# Random Forest Example

Using an SMS Spam data set (slightly modified) from the [UCI Machine Learning Repository](https://archive.ics.uci.edu/ml/datasets/sms+spam+collection). The data set is a collection of 5574 SMS messages that have been labeled as ham or spam. The file is a tab-delimited file with the first column the label and the second the message content. I edited the data set to remove some unwanted columns and add headings. 



In [20]:
import pandas as pd
df = pd.read_csv('data/sms-spam.csv', header=0, usecols=[1,2], encoding='latin-1')
print('rows and columns:', df.shape)
print(df.head())

rows and columns: (4837, 2)
   spam                                               text
0     0  Go until jurong point, crazy.. Available only ...
1     0                      Ok lar... Joking wif u oni...
2     1  Free entry in 2 a wkly comp to win FA Cup fina...
3     0  U dun say so early hor... U c already then say...
4     0  Nah I don't think he goes to usf, he lives aro...


In [21]:
# text preprocessing
from nltk.corpus import stopwords
import re
from sklearn.feature_extraction.text import TfidfVectorizer

stopwords = set(stopwords.words('english'))
df['text'].replace('[\d][\d]+', ' num ', regex=True, inplace=True)
df['text'].replace('[!@#*][!@#*]+', ' punct ', regex=True, inplace=True)
df['text'].replace('[A-Z][A-Z]+', ' caps ', regex=True, inplace=True)

vectorizer = TfidfVectorizer(stop_words=stopwords)

In [22]:
# set up X and y
X = df.text
y = df.spam

In [23]:
# divide into train and test
from sklearn.model_selection import train_test_split
X_train, X_test, y_train, y_test = train_test_split(X, y, test_size=0.2, train_size=0.8, random_state=1234)

In [24]:
# apply tfidf vectorizer
X_train = vectorizer.fit_transform(X_train)
X_test = vectorizer.transform(X_test)

## Decision Trees and Random Forest

A decision tree classifier is an iterative algorithm that repeatedly divides observations into smaller and more similar groups. At each iteration, the algorithm finds the feature that most cleanly divides the data. The process continues on the subsets of data until the observations in the subset are similar. 

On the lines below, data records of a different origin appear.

Lemma lincomb_law_var1 a b c A : lincomb_var a b c = 1 -> measurable A ->
  P (lincomb a b c @^-1` A) = normal_prob 0 1 A.
Proof.
move=> var1 mA; case: gaussP => _ _ _ /(_ a b c).
by rewrite /centered_normal_law -/(lincomb_var a b c) var1 ltr01 sqrtr1 => /(_ A mA).
Qed.

Lemma measurable_lincomb_eq0 a b c : measurable [set w | lincomb a b c w = 0].
Proof.
rewrite -[X in measurable X]setTI.
exact: (measurable_lincomb a b c measurableT (measurable_set1 0)).
Qed.

Lemma lincomb_var1_eq0_null a b c : lincomb_var a b c = 1 ->
  P [set w | lincomb a b c w = 0] = 0%E.
Proof.
move=> var1; rewrite -[X in P X]/(lincomb a b c @^-1` [set 0]).
rewrite (lincomb_law_var1 var1 (measurable_set1 0)).
have null0 : (@lebesgue_measure R).-null_set [set (0:R)].
  move=> A mA A0; apply/eqP; rewrite eq_le measure_ge0 andbT.
  by rewrite -(lebesgue_measure_set1 (0:R)) le_measure // inE.
exact: (normal_prob_dominates 0 1 null0).
Qed.

Lemma lincomb_sqmoment_var1 a b c : lincomb_var a b c = 1 ->
  lincomb_sqmoment a b c = lincomb_sqmoment 1 0 0.
Proof.
have sqr_ge0E : {in setT, forall y : R, (0 <= (y ^+ 2)%:E)%E}.
  by move=> y _; rewrite lee_fin sqr_ge0.
have msqr : measurable_fun setT (fun y : R => (y ^+ 2)%:E).
  by apply/measurable_EFinP; exact: exprn_measurable.
have pushE a' b' c' : lincomb_sqmoment a' b' c' =
    (\int[pushforward P (lincomb a' b' c')]_(y in setT) (y ^+ 2)%:E)%E.
  rewrite (ge0_integral_pushforward (measurable_lincomb a' b' c') _
    measurableT msqr sqr_ge0E).
  by rewrite preimage_setT.
move=> var1; rewrite !pushE.
apply: (eq_measure_integral (pushforward P (lincomb 1 0 0)));
  [exact: measurable_lincomb|exact: measurable_lincomb|].
move=> _ _ B mB _ /=; rewrite /pushforward !lincomb_law_var1 //.
by rewrite /lincomb_var; ring.
Qed.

Decision trees are highly interpretable but not as accurate as other algorithms. Decision trees suffer from high variance. Another problem with decision trees is that the first split made may not be the best one. It is a greedy algorithm and does not go back and revisit earlier decisions.

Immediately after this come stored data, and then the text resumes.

(* There exists a universal constant $C > 0$ such that for all $p \in (0,1)$, all $n \in \mathbb{N}_+$ and every $z \in \{0,1\}^{2n}$ with an even number of ones, we have $\mathcal{D}_{p,2n}(z) \geq C \cdot \mu_{p,2n}(z)$.
   Context: $\mu_{p,m}$ is the product $p$-biased distribution on $\{0,1\}^m$ (each coordinate equals $1$ independently with probability $p$), and $\mu_{p,m}(z)$ is the probability of $z$. The pull-back distribution $\mathcal{D}_{p,2n}$ on $\{0,1\}^{2n}$ is the distribution of $z$ obtained as follows: draw a uniformly random $2$-to-$1$ map $\pi : [2n] \to [n]$ (every element of $[n]$ has exactly two preimages), draw $x \sim \mu_{p,n}$ independently, and set $z_i = x_{\pi(i)}$ for all $i \in [2n]$; $\mathcal{D}_{p,2n}(z)$ denotes the probability of $z$. *)

From HB Require Import structures.
From mathcomp Require Import all_boot all_order all_algebra.
From mathcomp Require Import reals.
Set Implicit Arguments. Unset Strict Implicit. Unset Printing Implicit Defensive.
Import Order.TTheory GRing.Theory Num.Theory.
Local Open Scope ring_scope.

Definition mu (R : realType) (p : R) (m : nat) (z : {ffun 'I_m -> bool}) : R :=
  \prod_(i < m) (if z i then p else 1 - p).

Definition two_to_one (n : nat) : {set {ffun 'I_(2 * n) -> 'I_n}} :=
  [set f : {ffun 'I_(2 * n) -> 'I_n} | [forall j : 'I_n, #|[set i | f i == j]| == 2%N]].

(* D_{p,2n}(z): probability that z = x o pi with pi uniform 2-to-1 and x ~ mu_{p,n}. *)
Definition pullback (R : realType) (p : R) (n : nat) (z : {ffun 'I_(2 * n) -> bool}) : R :=
  (#|two_to_one n|%:R)^-1 *
  \sum_(f in two_to_one n)
     \sum_(x : {ffun 'I_n -> bool} | [ffun i => x (f i)] == z) mu p x.

From HB Require Import structures.
From mathcomp Require Import all_boot all_order all_algebra all_fingroup.
From mathcomp Require Import reals.
From mathcomp Require Import zify ring lra.
Import Order.TTheory GRing.Theory Num.Theory.
Local Open Scope ring_scope.
Set Implicit Arguments. Unset Strict Implicit. Unset Printing Implicit Defensive.

(* Relabelling the 2n coordinates permutes the 2-to-1 maps, so D_{p,2n}(z)
   depends only on the weight of z; and x o pi has twice the weight of x.
   Summing over the C(2n,2k) strings of weight 2k thus gives
   C(2n,2k) D(z) = b_k, where b_j = P[Bin(n,p) = j], whereas
   C(2n,2k) mu(z) = P[Bin(2n,p) = 2k] = sum_j b_j b_(2k-j) by Vandermonde.
   Log-concavity of the binomial coefficients gives b_j b_(2k-j) <= b_k^2,
   hence b_j b_(2k-j) <= b_k (b_j + b_(2k-j)), and summing over j bounds
   the convolution by 2 b_k.  So C = 1/2 works. *)

Lemma leq_bin_shift n a c : (a <= c)%N ->
  ('C(n, a) * 'C(n, c.+1) <= 'C(n, a.+1) * 'C(n, c))%N.
Proof.
move=> le_ac; rewrite -(@leq_pmul2r (a.+1 * c.+1)) //.
have -> : ('C(n, a) * 'C(n, c.+1) * (a.+1 * c.+1)
           = (a.+1 * (n - c)) * ('C(n, a) * 'C(n, c)))%N.
  by transitivity (a.+1 * 'C(n, a) * (c.+1 * 'C(n, c.+1)))%N;
    [ring | rewrite mul_bin_left; ring].
have -> : ('C(n, a.+1) * 'C(n, c) * (a.+1 * c.+1)
           = ((n - a) * c.+1) * ('C(n, a) * 'C(n, c)))%N.
  by transitivity (a.+1 * 'C(n, a.+1) * (c.+1 * 'C(n, c)))%N;
    [ring | rewrite mul_bin_left; ring].
by rewrite leq_mul2r [(_ * c.+1)%N]mulnC leq_mul ?orbT //; lia.
Qed.

Lemma leq_bin_sym_mul n k d : (d <= k)%N ->
  ('C(n, k - d) * 'C(n, k + d) <= 'C(n, k) * 'C(n, k))%N.
Proof.
elim: d => [|d IHd] le_dk; first by rewrite subn0 addn0.
apply: leq_trans (IHd (ltnW le_dk)).
have -> : (k - d = (k - d.+1).+1)%N by lia.
by rewrite addnS leq_bin_shift //; lia.
Qed.

Lemma leq_bin_log_concave n k j : (j <= k.*2)%N ->
  ('C(n, j) * 'C(n, k.*2 - j) <= 'C(n, k) * 'C(n, k))%N.
Proof.
move=> le_jk2; have [le_jk | lt_kj] := leqP j k.
  have := @leq_bin_sym_mul n k (k - j) (leq_subr _ _).
  by rewrite subKn // -addnn -addnBA.
have -> : (k.*2 - j = k - (j - k))%N by lia.
by rewrite mulnC -{2}(subnKC (ltnW lt_kj)) leq_bin_sym_mul //; lia.
Qed.

Lemma mul_le_mulD_of_le_sqr (R : realDomainType) (x y c : R) :
  0 <= x -> 0 <= y -> 0 <= c -> x * y <= c * c -> x * y <= c * (x + y).
Proof.
move=> x_ge0 y_ge0 c_ge0 xy_le; rewrite mulrDr.
have [le_xc | /ltW le_cx] := lerP x c.
  by rewrite ler_wpDl ?mulr_ge0 ?ler_wpM2r.
by rewrite ler_wpDr ?mulr_ge0 // (le_trans xy_le) ?ler_wpM2l.
Qed.

Section BinomialPmf.

Variables (R : realDomainType) (p : R).
Hypothesis p01 : 0 <= p <= 1.

Definition bin_pmf n j : R := 'C(n, j)%:R * (p ^+ j * (1 - p) ^+ (n - j)).

Lemma bin_pmf_ge0 n j : 0 <= bin_pmf n j.
Proof.
by case/andP: p01 => p_ge0 p_le1; rewrite !mulr_ge0 ?exprn_ge0 ?subr_ge0.
Qed.

Lemma sum_bin_pmf n : \sum_(j < n.+1) bin_pmf n j = 1.
Proof.
rewrite -(expr1n _ n) -(subrK p 1) exprDn.
by apply: eq_bigr => j _; rewrite /bin_pmf mulr_natl mulrC.
Qed.

Lemma sum_bin_pmf_le1 n m : \sum_(j < m) bin_pmf n j <= 1.
Proof.
rewrite -(sum_bin_pmf n) (big_ord_widen (maxn m n.+1) _ (leq_maxl _ _)).
rewrite [X in _ <= X](big_ord_widen (maxn m n.+1) _ (leq_maxr _ _)).
rewrite big_mkcond [X in _ <= X]big_mkcond; apply: ler_sum => j _ /=.
rewrite ltnS; have [le_jn | lt_nj] := leqP j n.
  by case: ifP => _ //; exact: bin_pmf_ge0.
by rewrite /bin_pmf bin_small // mul0r; case: ifP.
Qed.

Lemma bin_pmf_mulE m n c j : (j <= c)%N ->
  bin_pmf m j * bin_pmf n (c - j) =
  ('C(m, j) * 'C(n, c - j))%:R * (p ^+ c * (1 - p) ^+ (m + n - c)).
Proof.
move=> le_jc; rewrite /bin_pmf natrM.
have [lt_mj | le_jm] := ltnP m j; first by rewrite bin_small // !mul0r.
have [lt_n | le_n] := ltnP n (c - j).
  by rewrite (bin_small lt_n) !(mul0r, mulr0).
rewrite -[in p ^+ c](subnKC le_jc) exprD.
have -> : (m + n - c = (m - j) + (n - (c - j)))%N by lia.
by rewrite exprD; ring.
Qed.

Lemma bin_pmf_addn m n c :
  bin_pmf (m + n) c = \sum_(j < c.+1) bin_pmf m j * bin_pmf n (c - j).
Proof.
rewrite {1}/bin_pmf -binomial.Vandermonde natr_sum mulr_suml.
by apply: eq_bigr => j _; rewrite bin_pmf_mulE // -ltnS.
Qed.

Lemma bin_pmf_log_concave n k j : (j <= k.*2)%N ->
  bin_pmf n j * bin_pmf n (k.*2 - j) <= bin_pmf n k * bin_pmf n k.
Proof.
move=> le_jk2; have k2Bk : (k.*2 - k = k)%N by rewrite -addnn addnK.
have le_kk2 : (k <= k.*2)%N by rewrite -addnn leq_addr.
rewrite -{3}k2Bk !bin_pmf_mulE ?k2Bk //; apply: ler_wpM2r.
  by case/andP: p01 => p_ge0 p_le1; rewrite mulr_ge0 ?exprn_ge0 ?subr_ge0.
by rewrite ler_nat leq_bin_log_concave.
Qed.

Lemma bin_pmf_double_le n k : bin_pmf n.*2 k.*2 <= 2 * bin_pmf n k.
Proof.
rewrite -[n.*2]addnn bin_pmf_addn.
apply: (@le_trans _ _
  (\sum_(j < k.*2.+1) bin_pmf n k * (bin_pmf n j + bin_pmf n (k.*2 - j)))).
  apply: ler_sum => j _; have le_jk2 : (j <= k.*2)%N by rewrite -ltnS.
  by rewrite mul_le_mulD_of_le_sqr ?bin_pmf_ge0 ?bin_pmf_log_concave.
rewrite -mulr_sumr big_split /=.
have -> : \sum_(j < k.*2.+1) bin_pmf n (k.*2 - j) =
          \sum_(j < k.*2.+1) bin_pmf n j.
  rewrite (reindex_inj rev_ord_inj); apply: eq_bigr => j _ /=; congr bin_pmf.
  have := ltn_ord j; lia.
rewrite mulrC ler_wpM2r ?bin_pmf_ge0 //.
by rewrite -[2]/(1 + 1) lerD ?sum_bin_pmf_le1.
Qed.

End BinomialPmf.

Lemma perm_eq_bool (s t : seq bool) :
  size s = size t -> count id s = count id t -> perm_eq s t.
Proof.
move=> eq_size eq_count_id.
have count_true u : count_mem true u = count id u.
  by apply: eq_count => b; rewrite /= eqb_id.
have count_false u : count_mem false u = (size u - count id u)%N.
  by rewrite -(count_predC id u) addKn; apply: eq_count => b; rewrite /= eqbF_neg.
by apply/allP => -[] _; rewrite /= ?count_true ?count_false ?eq_size eq_count_id.
Qed.

Lemma count_enum_card (T : finType) (a : pred T) :
  count a (enum T) = #|[set x | a x]|.
Proof. by rewrite -sum1_count big_enum_cond sum1dep_card. Qed.

Lemma perm_ffun_of_card m (w z : {ffun 'I_m -> bool}) :
  #|[set i | w i]| = #|[set i | z i]| -> exists s : 'S_m, w = [ffun i => z (s i)].
Proof.
move=> eq_card.
have : perm_eq [seq w i | i <- enum 'I_m] [seq z i | i <- enum 'I_m].
  rewrite perm_eq_bool ?size_map //.
  by rewrite [LHS]count_map [RHS]count_map !count_enum_card.
case/(@tuple_permP _ _ _ [tuple z i | i < m]) => s ws; exists s; apply/ffunP => i.
have /eq_in_map ws_pt :
    [seq w i | i <- enum 'I_m] = [seq z (s i) | i <- enum 'I_m].
  by rewrite ws; apply: eq_map => j; rewrite tnth_mktuple.
by rewrite ws_pt ?mem_enum // ffunE.
Qed.

Lemma card_ffun_weight m k :
  #|[set x : {ffun 'I_m -> bool} | #|[set i | x i]| == k]| = 'C(m, k).
Proof.
have -> : [set x : {ffun 'I_m -> bool} | #|[set i | x i]| == k] =
          [set [ffun i => i \in (B : {set 'I_m})]
          | B in [set B : {set 'I_m} | #|B| == k]].
  apply/setP => x; rewrite inE; apply/idP/imsetP => [wt_x | [B]].
    by exists [set i | x i]; rewrite ?inE //; apply/ffunP => i; rewrite ffunE inE.
  rewrite inE => card_B ->; rewrite (_ : [set i | _] = B) //.
  by apply/setP => i; rewrite inE ffunE.
rewrite card_imset ?card_draws ?card_ord // => B1 B2 /ffunP eq_B.
by apply/setP => i; have := eq_B i; rewrite !ffunE.
Qed.

Lemma card_comp_two_to_one n
    (f : {ffun 'I_(2 * n) -> 'I_n}) (x : {ffun 'I_n -> bool}) :
  f \in two_to_one n -> #|[set i | x (f i)]| = #|[set j | x j]|.*2.
Proof.
rewrite inE => /forallP fibre2.
rewrite -sum1dep_card (partition_big f (fun j => x j)) // -sum1dep_card -mul2n.
rewrite big_distrr /=; apply: eq_bigr => j x_j; rewrite muln1.
apply: etrans (eqP (fibre2 j)).
rewrite -sum1dep_card; apply: eq_bigl => i.
by case: eqP => [-> | _]; rewrite ?x_j ?andbF.
Qed.

Lemma two_to_one_neq0 n : two_to_one n != set0.
Proof.
apply/set0Pn; case: n => [|n].
  by exists [ffun i => cast_ord (muln0 2) i]; rewrite inE; apply/forallP => -[].
pose f := [ffun i : 'I_(2 * n.+1) =>
  inord (if (i < n.+1)%N then val i else i - n.+1)%N : 'I_n.+1].
exists f; rewrite inE; apply/forallP => j; have lt_jn := ltn_ord j.
have lt_j : (j < 2 * n.+1)%N by lia.
have lt_jSn : (j + n.+1 < 2 * n.+1)%N by lia.
rewrite (_ : [set i | f i == j] = [set Ordinal lt_j; Ordinal lt_jSn]).
  by rewrite cards2 -val_eqE /=; apply/eqP; lia.
apply/setP => i; have lt_i := ltn_ord i.
rewrite !inE ffunE -!val_eqE /= inordK; last by case: ifP; lia.
by case: ltnP => ?; apply/eqP/orP => [? | [] /eqP]; lia.
Qed.

Lemma mem_two_to_one_perm n (s : 'S_(2 * n)) (f : {ffun 'I_(2 * n) -> 'I_n}) :
  ([ffun i => f (s i)] \in two_to_one n) = (f \in two_to_one n).
Proof.
rewrite !inE; apply: eq_forallb => j.
suff -> : [set i | [ffun i => f (s i)] i == j] = s @^-1: [set i | f i == j].
  by rewrite card_preimset //; exact: perm_inj.
by apply/setP => i; rewrite !inE ffunE.
Qed.

Section Pullback.

Variables (R : realType) (p : R).

Lemma mu_weight m (w : {ffun 'I_m -> bool}) :
  mu p w = p ^+ #|[set i | w i]| * (1 - p) ^+ (m - #|[set i | w i]|).
Proof.
rewrite /mu (bigID w) /=.
rewrite [X in X * _](eq_bigr (fun=> p)) => [|i ->] //.
rewrite [X in _ * X](eq_bigr (fun=> 1 - p)) => [|i /negbTE ->] //.
rewrite !prodr_const cardsE; congr (_ * _ ^+ _).
transitivity #|~: [set i | w i]|; first by apply: eq_card => i; rewrite !inE.
by rewrite cardsCs setCK card_ord cardsE.
Qed.

Lemma sum_mu_weight m k :
  \sum_(x : {ffun 'I_m -> bool} | #|[set i | x i]| == k) mu p x = bin_pmf p m k.
Proof.
rewrite (eq_bigr (fun=> p ^+ k * (1 - p) ^+ (m - k))) => [|x /eqP <-].
  by rewrite sumr_const /bin_pmf mulr_natl -card_ffun_weight cardsE.
exact: mu_weight.
Qed.

Lemma pullback_perm n (s : 'S_(2 * n)) (z : {ffun 'I_(2 * n) -> bool}) :
  pullback p [ffun i => z (s i)] = pullback p z.
Proof.
rewrite /pullback; congr (_ * _).
rewrite (reindex (fun f : {ffun 'I_(2 * n) -> 'I_n} => [ffun i => f (s i)])) /=.
  apply: eq_big => [f | f _]; first exact: mem_two_to_one_perm.
  apply: eq_bigl => x; apply/eqP/eqP => [/ffunP eq_s | <-]; apply/ffunP => i.
    by have := eq_s ((s^-1)%g i); rewrite !ffunE permKV.
  by rewrite !ffunE.
exists (fun f => [ffun i => f ((s^-1)%g i)]) => f _.
  by apply/ffunP => i; rewrite !ffunE permKV.
by apply/ffunP => i; rewrite !ffunE permK.
Qed.

Lemma pullback_eq_of_card n (w z : {ffun 'I_(2 * n) -> bool}) :
  #|[set i | w i]| = #|[set i | z i]| -> pullback p w = pullback p z.
Proof. by case/perm_ffun_of_card => s ->; exact: pullback_perm. Qed.

Lemma sum_pullback_weight n k :
  \sum_(w : {ffun 'I_(2 * n) -> bool} | #|[set i | w i]| == k.*2) pullback p w =
  bin_pmf p n k.
Proof.
rewrite /pullback -mulr_sumr exchange_big /=.
rewrite (eq_bigr (fun=> bin_pmf p n k)) => [|f f_T].
  rewrite sumr_const -[bin_pmf p n k *+ _]mulr_natl mulKf //.
  by rewrite pnatr_eq0 -lt0n card_gt0 two_to_one_neq0.
rewrite (exchange_big_dep xpredT) //= -sum_mu_weight [RHS]big_mkcond.
apply: eq_bigr => x _.
rewrite big_mkcondl (eq_bigl _ _ (fun w => eq_sym _ w)) big_pred1_eq.
suff -> : #|[set i | [ffun i => x (f i)] i]| = #|[set j | x j]|.*2.
  by rewrite (inj_eq double_inj).
by rewrite -(card_comp_two_to_one x f_T); apply: eq_card => i; rewrite !inE ffunE.
Qed.

Lemma pullback_weightE n k (z : {ffun 'I_(2 * n) -> bool}) :
  #|[set i | z i]| = k.*2 -> 'C(2 * n, k.*2)%:R * pullback p z = bin_pmf p n k.
Proof.
move=> wt_z; rewrite -sum_pullback_weight.
rewrite (eq_bigr (fun=> pullback p z)) => [|w /eqP].
  by rewrite sumr_const mulr_natl -card_ffun_weight cardsE.
by rewrite -wt_z; exact: pullback_eq_of_card.
Qed.

End Pullback.

Theorem mainTheorem2 (R : realType) :
  exists C : R, 0 < C /\
    forall (p : R), 0 < p < 1 ->
    forall (n : nat), (0 < n)%N ->
    forall z : {ffun 'I_(2 * n) -> bool},
      ~~ odd #|[set i | z i]| ->
      C * mu p z <= pullback p z.
Proof.
exists 2^-1; split => [|p /andP[p_gt0 p_lt1] n _ z even_z].
  by rewrite invr_gt0 ltr0n.
have p01 : 0 <= p <= 1 by rewrite !ltW.
set k := #|[set i | z i]|./2.
have wt_z : #|[set i | z i]| = k.*2 by rewrite even_halfK.
have le_kn : (k <= n)%N.
  by have := max_card [set i | z i]; rewrite card_ord wt_z mul2n leq_double.
have C_gt0 : 0 < 'C(2 * n, k.*2)%:R :> R.
  by rewrite ltr0n bin_gt0 mul2n leq_double.
have mu_z : 'C(2 * n, k.*2)%:R * mu p z = bin_pmf p n.*2 k.*2.
  by rewrite mu_weight wt_z mul2n.
have double_le := bin_pmf_double_le p01 n k.
by rewrite -(ler_pM2l C_gt0) mulrCA mu_z pullback_weightE //; lra.
Qed.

To overcome these problems, random forests were developed. A random forest generates hundreds of trees. Further, the trees are decorrelated as follows. At each split, only a random number of features are considered. Random forests often get results competitive with far more sophisticated algorithms. The disadvantage of a random forest over a decision tree is that the forest is no longer interpretable.

### Train and test

Train on the train data and then evaluate on the test data.

In [38]:
from sklearn.ensemble import RandomForestClassifier
classifier = RandomForestClassifier()
classifier.fit(X_train, y_train)



RandomForestClassifier(bootstrap=True, class_weight=None, criterion='gini',
                       max_depth=None, max_features='auto', max_leaf_nodes=None,
                       min_impurity_decrease=0.0, min_impurity_split=None,
                       min_samples_leaf=1, min_samples_split=2,
                       min_weight_fraction_leaf=0.0, n_estimators=10,
                       n_jobs=None, oob_score=False, random_state=None,
                       verbose=0, warm_start=False)

In [39]:
from sklearn.metrics import accuracy_score
from sklearn.metrics import precision_score, recall_score, f1_score, confusion_matrix
pred = classifier.predict(X_test)
print('accuracy score: ', accuracy_score(y_test, pred))
print('f1 score: ', f1_score(y_test, pred))

print(confusion_matrix(y_test, pred))

accuracy score:  0.9803719008264463
f1 score:  0.9147982062780268
[[847   1]
 [ 18 102]]


This is a higher accuracy and f1 score than Naive Bayes.